### Material for this exercise

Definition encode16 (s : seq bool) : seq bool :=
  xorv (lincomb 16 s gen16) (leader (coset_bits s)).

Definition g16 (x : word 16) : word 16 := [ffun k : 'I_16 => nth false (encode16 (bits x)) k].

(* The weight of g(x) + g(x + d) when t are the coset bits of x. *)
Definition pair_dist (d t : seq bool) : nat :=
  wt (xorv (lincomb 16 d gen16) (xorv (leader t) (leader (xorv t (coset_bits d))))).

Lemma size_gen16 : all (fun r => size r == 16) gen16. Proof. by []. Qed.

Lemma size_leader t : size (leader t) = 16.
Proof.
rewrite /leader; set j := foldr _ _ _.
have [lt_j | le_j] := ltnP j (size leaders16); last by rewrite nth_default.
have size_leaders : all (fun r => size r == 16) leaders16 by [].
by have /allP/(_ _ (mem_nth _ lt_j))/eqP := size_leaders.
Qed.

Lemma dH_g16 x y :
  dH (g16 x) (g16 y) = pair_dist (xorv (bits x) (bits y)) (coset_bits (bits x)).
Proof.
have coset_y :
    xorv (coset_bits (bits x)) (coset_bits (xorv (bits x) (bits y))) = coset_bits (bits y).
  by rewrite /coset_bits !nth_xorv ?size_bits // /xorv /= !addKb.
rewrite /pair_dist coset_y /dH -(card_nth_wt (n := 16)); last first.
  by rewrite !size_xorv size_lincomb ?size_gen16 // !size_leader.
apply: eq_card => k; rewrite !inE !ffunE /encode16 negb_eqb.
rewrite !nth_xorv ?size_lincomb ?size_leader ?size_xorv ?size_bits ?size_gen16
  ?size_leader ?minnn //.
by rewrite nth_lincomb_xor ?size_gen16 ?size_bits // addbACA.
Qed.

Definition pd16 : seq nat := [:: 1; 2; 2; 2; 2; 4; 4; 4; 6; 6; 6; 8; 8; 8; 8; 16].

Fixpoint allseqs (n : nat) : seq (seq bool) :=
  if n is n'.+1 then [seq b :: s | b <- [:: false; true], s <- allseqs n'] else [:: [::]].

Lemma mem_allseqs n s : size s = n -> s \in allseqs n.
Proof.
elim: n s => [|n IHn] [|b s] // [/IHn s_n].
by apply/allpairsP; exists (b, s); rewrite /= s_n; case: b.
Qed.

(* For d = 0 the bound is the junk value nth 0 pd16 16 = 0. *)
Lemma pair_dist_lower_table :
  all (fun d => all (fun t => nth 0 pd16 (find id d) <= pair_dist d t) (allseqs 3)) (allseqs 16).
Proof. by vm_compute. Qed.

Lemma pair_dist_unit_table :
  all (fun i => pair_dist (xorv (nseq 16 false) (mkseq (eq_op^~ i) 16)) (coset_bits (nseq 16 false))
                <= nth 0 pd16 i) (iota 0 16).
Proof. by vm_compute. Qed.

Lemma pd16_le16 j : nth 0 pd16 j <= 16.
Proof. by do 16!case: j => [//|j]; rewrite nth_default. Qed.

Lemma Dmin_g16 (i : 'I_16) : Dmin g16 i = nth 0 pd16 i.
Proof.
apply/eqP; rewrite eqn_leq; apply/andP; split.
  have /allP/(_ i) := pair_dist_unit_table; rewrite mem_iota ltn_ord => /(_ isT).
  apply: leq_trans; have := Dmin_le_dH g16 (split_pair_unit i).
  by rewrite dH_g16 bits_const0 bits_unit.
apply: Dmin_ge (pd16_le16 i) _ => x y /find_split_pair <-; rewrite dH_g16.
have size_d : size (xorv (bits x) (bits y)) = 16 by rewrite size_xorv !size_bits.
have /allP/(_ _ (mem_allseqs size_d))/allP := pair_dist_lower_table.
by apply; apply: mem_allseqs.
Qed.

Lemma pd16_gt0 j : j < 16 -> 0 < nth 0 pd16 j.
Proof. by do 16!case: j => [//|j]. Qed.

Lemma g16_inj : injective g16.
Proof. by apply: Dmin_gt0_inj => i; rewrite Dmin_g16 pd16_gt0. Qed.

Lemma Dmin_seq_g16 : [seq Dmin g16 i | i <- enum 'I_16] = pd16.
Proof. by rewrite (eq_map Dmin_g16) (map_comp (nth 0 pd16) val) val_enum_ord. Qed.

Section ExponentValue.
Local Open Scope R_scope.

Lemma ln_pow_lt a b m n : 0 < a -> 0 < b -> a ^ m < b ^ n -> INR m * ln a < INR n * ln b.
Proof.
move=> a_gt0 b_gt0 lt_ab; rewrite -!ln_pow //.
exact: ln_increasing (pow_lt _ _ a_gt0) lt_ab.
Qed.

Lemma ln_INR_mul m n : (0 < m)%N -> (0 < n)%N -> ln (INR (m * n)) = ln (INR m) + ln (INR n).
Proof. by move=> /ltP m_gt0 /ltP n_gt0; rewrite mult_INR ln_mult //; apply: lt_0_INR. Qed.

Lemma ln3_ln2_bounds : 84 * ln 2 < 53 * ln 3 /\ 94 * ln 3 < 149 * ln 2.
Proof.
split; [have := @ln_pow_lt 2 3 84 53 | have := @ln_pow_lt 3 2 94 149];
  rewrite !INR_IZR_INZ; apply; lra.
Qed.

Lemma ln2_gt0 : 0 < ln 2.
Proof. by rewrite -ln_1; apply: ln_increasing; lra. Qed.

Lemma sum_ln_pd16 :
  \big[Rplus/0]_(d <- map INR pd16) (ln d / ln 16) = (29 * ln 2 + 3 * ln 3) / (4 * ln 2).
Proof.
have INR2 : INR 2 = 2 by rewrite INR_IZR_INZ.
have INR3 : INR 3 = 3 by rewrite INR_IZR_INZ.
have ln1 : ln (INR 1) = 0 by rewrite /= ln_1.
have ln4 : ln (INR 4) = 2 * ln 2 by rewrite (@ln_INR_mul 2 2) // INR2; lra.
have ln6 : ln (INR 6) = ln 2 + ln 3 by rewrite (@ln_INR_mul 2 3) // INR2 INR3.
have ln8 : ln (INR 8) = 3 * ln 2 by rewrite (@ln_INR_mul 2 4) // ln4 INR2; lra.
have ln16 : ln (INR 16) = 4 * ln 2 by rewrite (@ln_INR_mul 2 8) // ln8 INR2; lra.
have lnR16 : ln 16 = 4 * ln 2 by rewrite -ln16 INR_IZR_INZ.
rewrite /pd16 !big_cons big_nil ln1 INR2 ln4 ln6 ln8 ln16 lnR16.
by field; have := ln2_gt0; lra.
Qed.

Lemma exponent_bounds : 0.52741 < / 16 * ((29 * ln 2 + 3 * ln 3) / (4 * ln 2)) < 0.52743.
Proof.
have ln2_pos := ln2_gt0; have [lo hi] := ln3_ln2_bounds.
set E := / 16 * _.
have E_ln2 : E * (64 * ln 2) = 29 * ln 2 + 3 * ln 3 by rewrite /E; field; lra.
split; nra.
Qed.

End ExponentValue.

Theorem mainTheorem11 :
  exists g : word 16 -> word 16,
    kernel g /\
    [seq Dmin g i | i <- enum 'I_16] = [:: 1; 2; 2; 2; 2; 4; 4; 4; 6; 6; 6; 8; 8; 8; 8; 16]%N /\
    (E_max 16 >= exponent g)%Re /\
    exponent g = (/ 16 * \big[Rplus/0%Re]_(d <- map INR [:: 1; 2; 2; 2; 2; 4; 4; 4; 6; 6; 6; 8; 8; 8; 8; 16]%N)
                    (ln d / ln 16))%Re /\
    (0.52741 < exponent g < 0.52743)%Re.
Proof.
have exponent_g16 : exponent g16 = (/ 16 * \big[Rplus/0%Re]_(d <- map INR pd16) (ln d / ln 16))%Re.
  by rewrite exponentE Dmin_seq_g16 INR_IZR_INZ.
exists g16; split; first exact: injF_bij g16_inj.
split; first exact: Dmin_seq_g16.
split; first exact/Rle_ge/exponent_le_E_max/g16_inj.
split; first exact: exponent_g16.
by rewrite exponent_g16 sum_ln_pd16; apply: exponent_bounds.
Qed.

######

Exercise description:
From the listing above, repeat exactly the lines starting at the line that includes "Proof. by rewrite (eq_map" and ending at the line that includes "(E_max 16 >= exponent g)%Re /\", with nothing outside that span.

Worked solution:
Proof. by rewrite (eq_map Dmin_g16) (map_comp (nth 0 pd16) val) val_enum_ord. Qed.

Section ExponentValue.
Local Open Scope R_scope.

Lemma ln_pow_lt a b m n : 0 < a -> 0 < b -> a ^ m < b ^ n -> INR m * ln a < INR n * ln b.
Proof.
move=> a_gt0 b_gt0 lt_ab; rewrite -!ln_pow //.
exact: ln_increasing (pow_lt _ _ a_gt0) lt_ab.
Qed.

Lemma ln_INR_mul m n : (0 < m)%N -> (0 < n)%N -> ln (INR (m * n)) = ln (INR m) + ln (INR n).
Proof. by move=> /ltP m_gt0 /ltP n_gt0; rewrite mult_INR ln_mult //; apply: lt_0_INR. Qed.

Lemma ln3_ln2_bounds : 84 * ln 2 < 53 * ln 3 /\ 94 * ln 3 < 149 * ln 2.
Proof.
split; [have := @ln_pow_lt 2 3 84 53 | have := @ln_pow_lt 3 2 94 149];
  rewrite !INR_IZR_INZ; apply; lra.
Qed.

Lemma ln2_gt0 : 0 < ln 2.
Proof. by rewrite -ln_1; apply: ln_increasing; lra. Qed.

Lemma sum_ln_pd16 :
  \big[Rplus/0]_(d <- map INR pd16) (ln d / ln 16) = (29 * ln 2 + 3 * ln 3) / (4 * ln 2).
Proof.
have INR2 : INR 2 = 2 by rewrite INR_IZR_INZ.
have INR3 : INR 3 = 3 by rewrite INR_IZR_INZ.
have ln1 : ln (INR 1) = 0 by rewrite /= ln_1.
have ln4 : ln (INR 4) = 2 * ln 2 by rewrite (@ln_INR_mul 2 2) // INR2; lra.
have ln6 : ln (INR 6) = ln 2 + ln 3 by rewrite (@ln_INR_mul 2 3) // INR2 INR3.
have ln8 : ln (INR 8) = 3 * ln 2 by rewrite (@ln_INR_mul 2 4) // ln4 INR2; lra.
have ln16 : ln (INR 16) = 4 * ln 2 by rewrite (@ln_INR_mul 2 8) // ln8 INR2; lra.
have lnR16 : ln 16 = 4 * ln 2 by rewrite -ln16 INR_IZR_INZ.
rewrite /pd16 !big_cons big_nil ln1 INR2 ln4 ln6 ln8 ln16 lnR16.
by field; have := ln2_gt0; lra.
Qed.

Lemma exponent_bounds : 0.52741 < / 16 * ((29 * ln 2 + 3 * ln 3) / (4 * ln 2)) < 0.52743.
Proof.
have ln2_pos := ln2_gt0; have [lo hi] := ln3_ln2_bounds.
set E := / 16 * _.
have E_ln2 : E * (64 * ln 2) = 29 * ln 2 + 3 * ln 3 by rewrite /E; field; lra.
split; nra.
Qed.

End ExponentValue.

Theorem mainTheorem11 :
  exists g : word 16 -> word 16,
    kernel g /\
    [seq Dmin g i | i <- enum 'I_16] = [:: 1; 2; 2; 2; 2; 4; 4; 4; 6; 6; 6; 8; 8; 8; 8; 16]%N /\
    (E_max 16 >= exponent g)%Re /\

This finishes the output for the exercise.